Crítica | Mulheres Divinas compensa falta de profundidade com leveza e carisma

Rogério de Moraes
Redação Crítica
Published in
4 min readDec 13, 2017

por Rogério de Moraes

O despertar da consciência e a luta pela igualdade é o tema por trás do filme que a Suíça elegeu para tentar uma vaga entre os indicados ao Oscar de filme estrangeiro. Mulheres Divinas (Die göttliche Ordnung), segundo longa da diretora Petra Volpe, utiliza o recurso do microcosmo para representar uma realidade universal e absolutamente atual, embora sua história se passe em 1971.

O tom que terá sua narrativa é definido logo início. Uma série de imagens mostram a efervescência que marcou aquele início de década. Woodstock, surgimento dos Panteras Negras, protestos estudantis, revolução sexual e feminismo. Barulho, gritos, agitação, ruas tomadas. Súbito, num corte seco, somos transportados para um vilarejo no interior da Suíça. O silêncio. Ali, o tempo é outro. Embora seja o mesmo ano.

É nessa realidade de outra proporção que a trama nos mostra o cotidiano de Nora (Marie Leuenberger). Casada e com dois filhos, ela alimenta o desejo de trabalhar fora, mas seu marido a proíbe. Ao mesmo tempo, se aproxima a data de um referendo onde será decidido se as mulheres devem ou não ter direito ao voto. Uma decisão que caberá apenas àqueles que, naquele momento, têm direito ao voto: os homens.

Engajamento por direitos

O despertar de Nora começa a partir dessa situação e ao tomar contato com as ideias feministas que ganham força no resto do mundo. É quando ela passa a se engajar na campanha favorável ao voto feminino, confrontando lideranças locais e o próprio marido.

Mulheres Divinas não demonstra ter grandes pretensões dramáticas e pode até ser vendido como comédia, embora não seja uma. Por seguir uma fórmula — de filme que quer abordar questões sérias com leveza — tem na previsibilidade seu maior defeito. Assim, a sutileza não está muito presente no modo como desenvolve a trama e seus personagens.

Exemplo disso são alguns diálogos excessivamente expositivos e figuras fechadas em suas caricaturas.
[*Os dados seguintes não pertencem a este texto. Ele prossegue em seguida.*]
Lemma rsum_abs n F : Rabs (rsum n F) <= rsum n (fun i => Rabs (F i)).
Proof.
  induction n as [|n IH]; simpl; [rewrite Rabs_R0; lra |].
  eapply Rle_trans; [apply Rabs_triang | lra].
Qed.

Definition sqsum (N : nat) (h : nat -> nat -> R) : R :=
  rsum N (fun p => rsum N (fun q => h p q)).

Lemma sqsum_plus N h k : sqsum N (fun p q => h p q + k p q) = sqsum N h + sqsum N k.
Proof. unfold sqsum; rewrite <- rsum_plus; apply rsum_ext; intro; apply rsum_plus. Qed.

Lemma sqsum_minus N h k : sqsum N (fun p q => h p q - k p q) = sqsum N h - sqsum N k.
Proof. unfold sqsum; rewrite <- rsum_minus; apply rsum_ext; intro; apply rsum_minus. Qed.

Lemma sqsum_scal N c h : sqsum N (fun p q => c * h p q) = c * sqsum N h.
Proof. unfold sqsum; rewrite <- rsum_scal; apply rsum_ext; intro; apply rsum_scal. Qed.

Lemma sqsum_le N h k : (forall p q, h p q <= k p q) -> sqsum N h <= sqsum N k.
Proof. intros H; apply rsum_le; intro; apply rsum_le; auto. Qed.

Lemma sqsum_nonneg N h : (forall p q, 0 <= h p q) -> 0 <= sqsum N h.
Proof. intros H; apply rsum_nonneg; intro; apply rsum_nonneg; auto. Qed.

Lemma sqsum_S N h :
  sqsum (S N) h = sqsum N h + rsum N (fun q => h N q) + rsum (S N) (fun p => h p N).
Proof.
  unfold sqsum; simpl rsum at 2.
  rewrite rsum_plus; simpl; lra.
Qed.
Lemma pt3_ext (p q : pt3) : c0 p = c0 q -> c1 p = c1 q -> c2 p = c2 q -> p = q.
Proof. destruct p, q; simpl; intros -> -> ->; reflexivity. Qed.

Lemma norm1_pos (p : pt3) : p <> origin -> 0 < norm1 p.
Proof.
  intros Hp. unfold norm1.
  pose proof (Rabs_pos (c0 p)); pose proof (Rabs_pos (c1 p)); pose proof (Rabs_pos (c2 p)).
  destruct (Req_dec (c0 p) 0) as [E0 | N0]; [| apply Rabs_pos_lt in N0; lra].
  destruct (Req_dec (c1 p) 0) as [E1 | N1]; [| apply Rabs_pos_lt in N1; lra].
  destruct (Req_dec (c2 p) 0) as [E2 | N2]; [| apply Rabs_pos_lt in N2; lra].
  exfalso; apply Hp, pt3_ext; assumption.
Qed.

Lemma norm1_nonneg (p : pt3) : 0 <= norm1 p.
Proof.
  unfold norm1.
  pose proof (Rabs_pos (c0 p)); pose proof (Rabs_pos (c1 p)); pose proof (Rabs_pos (c2 p)); lra.
Qed.

Lemma norm1_opp (p : pt3) : norm1 (popp p) = norm1 p.
Proof. unfold norm1; simpl; rewrite !Rabs_Ropp; reflexivity. Qed.

Lemma norm1_padd (p q : pt3) : norm1 (padd p q) <= norm1 p + norm1 q.
Proof.
  unfold norm1; simpl.
  pose proof (Rabs_triang (c0 p) (c0 q)); pose proof (Rabs_triang (c1 p) (c1 q));
  pose proof (Rabs_triang (c2 p) (c2 q)); lra.
Qed.

Lemma lf_padd (p q : pt3) : lf (padd p q) = lf p + lf q.
Proof. unfold lf; simpl; ring. Qed.

Lemma lf_opp (p : pt3) : lf (popp p) = - lf p.
Proof. unfold lf; simpl; ring. Qed.

Lemma norm1_lipschitz (p q : pt3) : norm1 p <= norm1 q + dist1 p q.
Proof.
  unfold norm1, dist1.
  pose proof (Rabs_triang_inv (c0 p) (c0 q)); pose proof (Rabs_triang_inv (c1 p) (c1 q));
  pose proof (Rabs_triang_inv (c2 p) (c2 q)); lra.
Qed.

Lemma lf_lipschitz (p q : pt3) : Rabs (lf p - lf q) <= dist1 p q.
Proof.
  unfold lf, dist1.
  replace (c0 p - c2 p - (c0 q - c2 q)) with ((c0 p - c0 q) + - (c2 p - c2 q)) by ring.
  pose proof (Rabs_triang (c0 p - c0 q) (- (c2 p - c2 q))) as Htri. rewrite Rabs_Ropp in Htri.
  pose proof (Rabs_pos (c1 p - c1 q)); lra.
Qed.

Lemma dist1_sym (p q : pt3) : dist1 p q = dist1 q p.
Proof.
  unfold dist1.
  rewrite (Rabs_minus_sym (c0 p)), (Rabs_minus_sym (c1 p)), (Rabs_minus_sym (c2 p)).
  reflexivity.
Qed.

Lemma dist1_triangle (p q r : pt3) : dist1 p r <= dist1 p q + dist1 q r.
Proof.
  unfold dist1.
  pose proof (Rabs_triang (c0 p - c0 q) (c0 q - c0 r));
  pose proof (Rabs_triang (c1 p - c1 q) (c1 q - c1 r));
  pose proof (Rabs_triang (c2 p - c2 q) (c2 q - c2 r)).
  replace (c0 p - c0 q + (c0 q - c0 r)) with (c0 p - c0 r) in * by ring.
  replace (c1 p - c1 q + (c1 q - c1 r)) with (c1 p - c1 r) in * by ring.
  replace (c2 p - c2 q + (c2 q - c2 r)) with (c2 p - c2 r) in * by ring.
  lra.
Qed.

Lemma dist1_padd (p q p' q' : pt3) : dist1 (padd p q) (padd p' q') <= dist1 p p' + dist1 q q'.
Proof.
  unfold dist1; simpl.
  pose proof (Rabs_triang (c0 p - c0 p') (c0 q - c0 q'));
  pose proof (Rabs_triang (c1 p - c1 p') (c1 q - c1 q'));
  pose proof (Rabs_triang (c2 p - c2 p') (c2 q - c2 q')).
  replace (c0 p + c0 q - (c0 p' + c0 q')) with (c0 p - c0 p' + (c0 q - c0 q')) by ring.
  replace (c1 p + c1 q - (c1 p' + c1 q')) with (c1 p - c1 p' + (c1 q - c1 q')) by ring.
  replace (c2 p + c2 q - (c2 p' + c2 q')) with (c2 p - c2 p' + (c2 q - c2 q')) by ring.
  lra.
Qed.

Lemma dist1_scale (t : R) (p q : pt3) : 0 <= t -> dist1 (pscale t p) (pscale t q) = t * dist1 p q.
Proof.
  intros Ht. unfold dist1; simpl.
  rewrite <- !Rmult_minus_distr_l, !Rabs_mult, (Rabs_pos_eq t) by exact Ht. ring.
Qed.

Lemma dist1_small_eq (p q : pt3) : (forall eps, 0 < eps -> dist1 p q < eps) -> p = q.
Proof.
  intros Hsmall.
  set (d := P3 (c0 p - c0 q) (c1 p - c1 q) (c2 p - c2 q)).
  assert (Hd : d = origin).
  { apply NNPP; intros Hne. apply norm1_pos in Hne.
    specialize (Hsmall _ Hne). unfold dist1, norm1, d in Hsmall; simpl in Hsmall. lra. }
  apply pt3_ext; [apply (f_equal c0) in Hd | apply (f_equal c1) in Hd | apply (f_equal c2) in Hd];
    unfold d in Hd; simpl in Hd; lra.
Qed.

Lemma abs_le_norm2 (a b c : R) : Rabs a <= sqrt (a ^ 2 + b ^ 2 + c ^ 2).
Proof.
  rewrite <- sqrt_Rsqr_abs. apply sqrt_le_1_alt. unfold Rsqr.
  pose proof (pow2_ge_0 b); pose proof (pow2_ge_0 c). nra.
Qed.

Lemma dist3_le_dist1 (p q : pt3) : dist3 p q <= dist1 p q.
Proof.
  unfold dist3, dist1.
  set (a := c0 p - c0 q); set (b := c1 p - c1 q); set (c := c2 p - c2 q).
  pose proof (Rabs_pos a); pose proof (Rabs_pos b); pose proof (Rabs_pos c).
  rewrite <- (sqrt_pow2 (Rabs a + Rabs b + Rabs c)) by lra.
  apply sqrt_le_1_alt. rewrite <- (pow2_abs a), <- (pow2_abs b), <- (pow2_abs c). nra.
Qed.

Lemma dist1_le_dist3 (p q : pt3) : dist1 p q <= 3 * dist3 p q.
Proof.
  unfold dist3, dist1.
  set (a := c0 p - c0 q); set (b := c1 p - c1 q); set (c := c2 p - c2 q).
  pose proof (abs_le_norm2 a b c); pose proof (abs_le_norm2 b a c);
  pose proof (abs_le_norm2 c a b).
  replace (b ^ 2 + a ^ 2 + c ^ 2) with (a ^ 2 + b ^ 2 + c ^ 2) in * by ring.
  replace (c ^ 2 + a ^ 2 + b ^ 2) with (a ^ 2 + b ^ 2 + c ^ 2) in * by ring.
  lra.
Qed.

Lemma closure3_dist1 (A : pt3 -> Prop) (p : pt3) :
  closure3 A p <-> forall eps, 0 < eps -> exists q, A q /\ dist1 p q < eps.
Proof.
  split; intros Hp eps Heps.
  - destruct (Hp (eps / 3)) as [q [Hq Hd]]; [lra |].
    exists q; split; [exact Hq |]. pose proof (dist1_le_dist3 p q); lra.
  - destruct (Hp eps Heps) as [q [Hq Hd]].
    exists q; split; [exact Hq |]. pose proof (dist3_le_dist1 p q); lra.
Qed.

Lemma closure3_closed (A : pt3 -> Prop) : is_closed3 (closure3 A).
Proof.
  intros p Hp. rewrite closure3_dist1 in Hp. apply closure3_dist1.
  intros eps Heps.
  destruct (Hp (eps / 2)) as [q [Hq Hpq]]; [lra |].
  rewrite closure3_dist1 in Hq. destruct (Hq (eps / 2)) as [r [Hr Hqr]]; [lra |].
  exists r; split; [exact Hr |]. pose proof (dist1_triangle p q r); lra.
Qed.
Temos o patriarca grosseirão que diz o que quer, o marido machista-mas-nem-tanto, a adolescente rebelde de espírito livre, a carola conservadora. Todos estão tão dentro de seus estereótipos que sobra pouco espaço para serem aprofundados e revelarem as complexidades humanas. Talvez, por isso, nenhuma atuação se destaque, ainda que o carisma de Marie Leuenberger como Nora seja bastante contagiante.
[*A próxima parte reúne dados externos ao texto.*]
(* Let $\Omega$ be an infinite locally compact metric space, $T:\Omega\to\Omega$ continuous, and $\nu$ a nonzero Radon measure on $(\Omega,\mathcal{B}(\Omega))$. If the dynamical system $(\Omega,T)$ is chaotic with respect to $\nu$, then it is topologically transitive.
   Context: $(\Omega,T)$ is chaotic with respect to $\nu$ if for $\nu$-almost every $x_0\in\Omega$ and every nonempty open $U\subset\Omega$ there is $n\in\mathbb{N}$ with $T^n(x_0)\in U$. $(\Omega,T)$ is topologically transitive if for all nonempty open sets $U,V\subset\Omega$ there exists $n\ge0$ with $T^{-n}(U)\cap V\neq\emptyset$. *)

From HB Require Import structures.
From mathcomp Require Import all_boot all_order all_algebra.
From mathcomp Require Import all_classical all_reals all_analysis.
Set Implicit Arguments. Unset Strict Implicit. Unset Printing Implicit Defensive.
Import Order.TTheory GRing.Theory Num.Theory.
Local Open Scope classical_set_scope.
Local Open Scope ring_scope.

(* A metric space with a distinguished point (needed only because
   MathComp-Analysis' measurable types are pointed; harmless here since the
   spaces considered are infinite, hence nonempty). *)
#[short(type="pmetricType")]
HB.structure Definition PointedMetric (K : numDomainType) :=
  { M of Pointed M & Metric K M }.

Definition Borel (T : ptopologicalType) := g_sigma_algebraType (@open T).

Definition radon_measure (R : realType) (T : ptopologicalType)
    (nu : {measure set (Borel T) -> \bar R}) : Prop :=
  [/\ (forall K : set T, compact K -> (nu K < +oo)%E),
      (forall A : set (Borel T), measurable A ->
         nu A = ereal_inf [set nu (U : set (Borel T)) | U in
                             [set U : set T | open U /\ A `<=` U]]) &
      (forall U : set T, open U ->
         nu U = ereal_sup [set nu (K : set (Borel T)) | K in
                             [set K : set T | compact K /\ K `<=` U]])].

(* (Omega, f) is chaotic w.r.t. nu: for nu-a.e. x0, every nonempty open U
   is visited by T^n x0 for some n in N = {1, 2, ...}. *)
Definition chaotic_wrt (R : realType) (T : ptopologicalType) (f : T -> T)
    (nu : {measure set (Borel T) -> \bar R}) : Prop :=
  {ae nu, forall x0 : Borel T, forall U : set T, open U -> U !=set0 ->
            exists n : nat, U (iter n.+1 f x0)}.

Definition topologically_transitive (T : topologicalType) (f : T -> T) : Prop :=
  forall U V : set T, open U -> open V -> U !=set0 -> V !=set0 ->
    exists n : nat, (iter n f @^-1` U) `&` V !=set0.

From HB Require Import structures.
From mathcomp Require Import all_boot all_order all_algebra.
From mathcomp Require Import all_classical all_reals all_analysis.
Import Order.TTheory GRing.Theory Num.Theory.
Local Open Scope classical_set_scope.
Local Open Scope ring_scope.

(* Since nu is nonzero, chaos yields a point x whose forward orbit visits
   every nonempty open set; it suffices to show that the orbit then visits
   every nonempty open U at arbitrarily late times, for if f^b x lies in V
   and f^n x lies in U with n >= b, then f^(n-b) maps a point of V into U.
   Suppose the visits of U all happen before time m. Then U minus the
   (closed, by T1) finite orbit prefix is an open set the orbit never
   visits, hence empty: U is finite, so its points are isolated. Pulling an
   isolated orbit point f^(a+1) x back by the continuous f^(a+1) gives an
   open neighbourhood of x which is again visited only finitely often, so x
   itself is isolated; the orbit returns to {x}, x is periodic, and the
   orbit visits U infinitely often after all. *)

Lemma ae_witness {d} {T : measurableType d} {R : realType}
    {mu : {measure set T -> \bar R}} {P : T -> Prop} {A : set T} :
  measurable A -> mu A <> 0%E -> {ae mu, forall x, P x} -> exists x, P x.
Proof.
move=> mA muA [N [mN muN0 notP_sub]]; apply: contrapT => noP.
apply: muA; apply/eqP; rewrite eq_le measure_ge0 andbT -muN0.
apply: le_measure; rewrite ?inE // => x _.
by apply: notP_sub => Px; apply: noP; exists x.
Qed.

Section OrbitVisitingEveryOpenSet.
Context {T : topologicalType} (f : T -> T).
Hypothesis T1 : accessible_space T.
Hypothesis f_cont : continuous f.

Lemma continuous_iter n : continuous (iter n f).
Proof.
elim: n => [|n IH] x /=; first exact: cvg_id.
exact: continuous_comp (IH x) (f_cont _).
Qed.

Lemma finite_open_set1 {U : set T} {p : T} : open U -> finite_set U -> U p ->
  open [set p].
Proof.
move=> oU finU Up.
have -> : [set p] = U `\` (U `\` [set p]).
  apply/seteqP; split => [x ->|x [Ux nx]]; first by split => // -[_ []].
  by apply: contrapT => xp; apply: nx.
apply: openI => //; apply: closed_openC; apply: (accessible_finite_set_closed.1 T1).
by apply: sub_finite_set finU => x [].
Qed.

Variable x : T.
Hypothesis x_visits : forall U : set T, open U -> U !=set0 ->
  exists n : nat, U (iter n.+1 f x).

Let orbit_prefix m := [set iter k.+1 f x | k in `I_m].

Lemma finite_orbit_prefix m : finite_set (orbit_prefix m).
Proof. exact: finite_image (finite_II m). Qed.

Lemma open_sub_orbit_prefix {U : set T} {m : nat} : open U ->
  (forall n, U (iter n.+1 f x) -> (n < m)%N) -> U `<=` orbit_prefix m.
Proof.
move=> oU early y Uy; apply: contrapT => yNprefix.
have oUD : open (U `\` orbit_prefix m).
  apply: openI => //; apply: closed_openC.
  by apply: (accessible_finite_set_closed.1 T1); exact: finite_orbit_prefix.
have [n [Un nNprefix]] := x_visits _ oUD (ex_intro _ y (conj Uy yNprefix)).
by apply: nNprefix; exists n => //; exact: early.
Qed.

Lemma isolated_in_early_visited {U : set T} {m : nat} {p : T} : open U -> U p ->
  (forall n, U (iter n.+1 f x) -> (n < m)%N) -> open [set p].
Proof.
move=> oU Up early; apply: (finite_open_set1 oU _ Up).
exact: sub_finite_set (open_sub_orbit_prefix oU early) (finite_orbit_prefix m).
Qed.

Lemma orbit_visits_late {U : set T} (m : nat) : open U -> U !=set0 ->
  exists2 n, (m <= n)%N & U (iter n.+1 f x).
Proof.
move=> oU [q Uq]; apply: contrapT => noLate.
have early n : U (iter n.+1 f x) -> (n < m)%N.
  by move=> Un; rewrite ltnNge; apply/negP => mn; apply: noLate; exists n.
have [a _ fax] := open_sub_orbit_prefix oU early _ Uq.
pose N := iter a.+1 f @^-1` [set q].
have q_isolated := isolated_in_early_visited oU Uq early.
have oN : open N by exact: (continuousP _).1 (continuous_iter a.+1) _ q_isolated.
have earlyN n : N (iter n.+1 f x) -> (n < m)%N.
  move=> Nn; have /early : U (iter (a + n.+1).+1 f x) by rewrite -addSn iterD Nn.
  by move=> /(leq_ltn_trans (leq_addl a n.+1))/ltnW.
have [p fpx] := x_visits _ (isolated_in_early_visited oN fax earlyN)
  (ex_intro _ x erefl).
have periodic t : iter (t * p.+1) f x = x.
  by elim: t => [|t IH] //; rewrite mulSn iterD IH; exact: fpx.
have /early : U (iter (a + m * p.+1).+1 f x).
  by rewrite -addSn iterD periodic fax.
by rewrite ltnNge mulnS addnCA leq_addr.
Qed.

Lemma topologically_transitive_of_orbit_visits : topologically_transitive f.
Proof.
move=> U V oU oV nU nV.
have [b Vb] := x_visits _ oV nV.
have [n bn Un] := orbit_visits_late b oU nU.
exists (n - b)%N, (iter b.+1 f x); split => //=.
by rewrite -[f _]/(iter b.+1 f x) -iterD addnS subnK.
Qed.

End OrbitVisitingEveryOpenSet.

Theorem mainTheorem4 (R : realType) (Omega : pmetricType R) (f : Omega -> Omega)
    (nu : {measure set (Borel Omega) -> \bar R}) :
  ~ finite_set [set: Omega] ->
  locally_compact [set: Omega] ->
  continuous f ->
  radon_measure nu ->
  (exists A : set (Borel Omega), measurable A /\ nu A <> 0%E) ->
  chaotic_wrt f nu ->
  topologically_transitive f.
Proof.
move=> _ _ f_cont _ [A [mA nuA]] chaotic.
have [x x_visits] := ae_witness mA nuA chaotic.
have T1 : accessible_space Omega by exact/hausdorff_accessible/metric_hausdorff.
exact: topologically_transitive_of_orbit_visits f T1 f_cont x x_visits.
Qed.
Entretanto, as simplificações e obviedades trazidas pelo filme não impedem que se passe por ele sem que se ganhe alguma simpatia. Seu humor tem delicadeza no modo como mostra as etapas da descoberta feminina, desde o ativismo até a plena sexualidade, passando pela exploração do corpo (do orgulho da vagina no lugar da vergonha) e o sentimento de sororidade.

Derrubando tabus

O tom de leveza rouba um pouco da profundidade, claro. Não que isso seja uma regra. Um filme pode ser leve e profundo ao mesmo tempo. Mas essa é uma qualidade que Mulheres Divinas não alcança. Esse demérito é parcialmente compensado pelo aspecto divertido e pela beleza das descobertas em um tempo de repressão e tabus sexuais.

Narrativamente, o roteiro se perde um pouco no terceiro ato, quando um acontecimento trágico, também previsível, acontece. É o momento mais frágil, no qual a história patina no seu desenrolar e perde o rumo do desfecho, não escapando da pieguice de amarrar tudo com um discurso emocionado e, lamentavelmente, raso.

Apesar das diluições e escorregadas, Mulheres Divinas introduz bem o feminismo como luta essencial para uma sociedade mais igualitária e justa. Tem força suficiente para dar uma boa ideia da relevância do movimento e, principalmente, do absurdo sobre o qual se assenta o machismo histórico, sustentado por uma estrutura confortável e conveniente para os homens.

Entre erros e acertos, salva-se como entretenimento pincelado pela relevância histórica e política do tema que trata.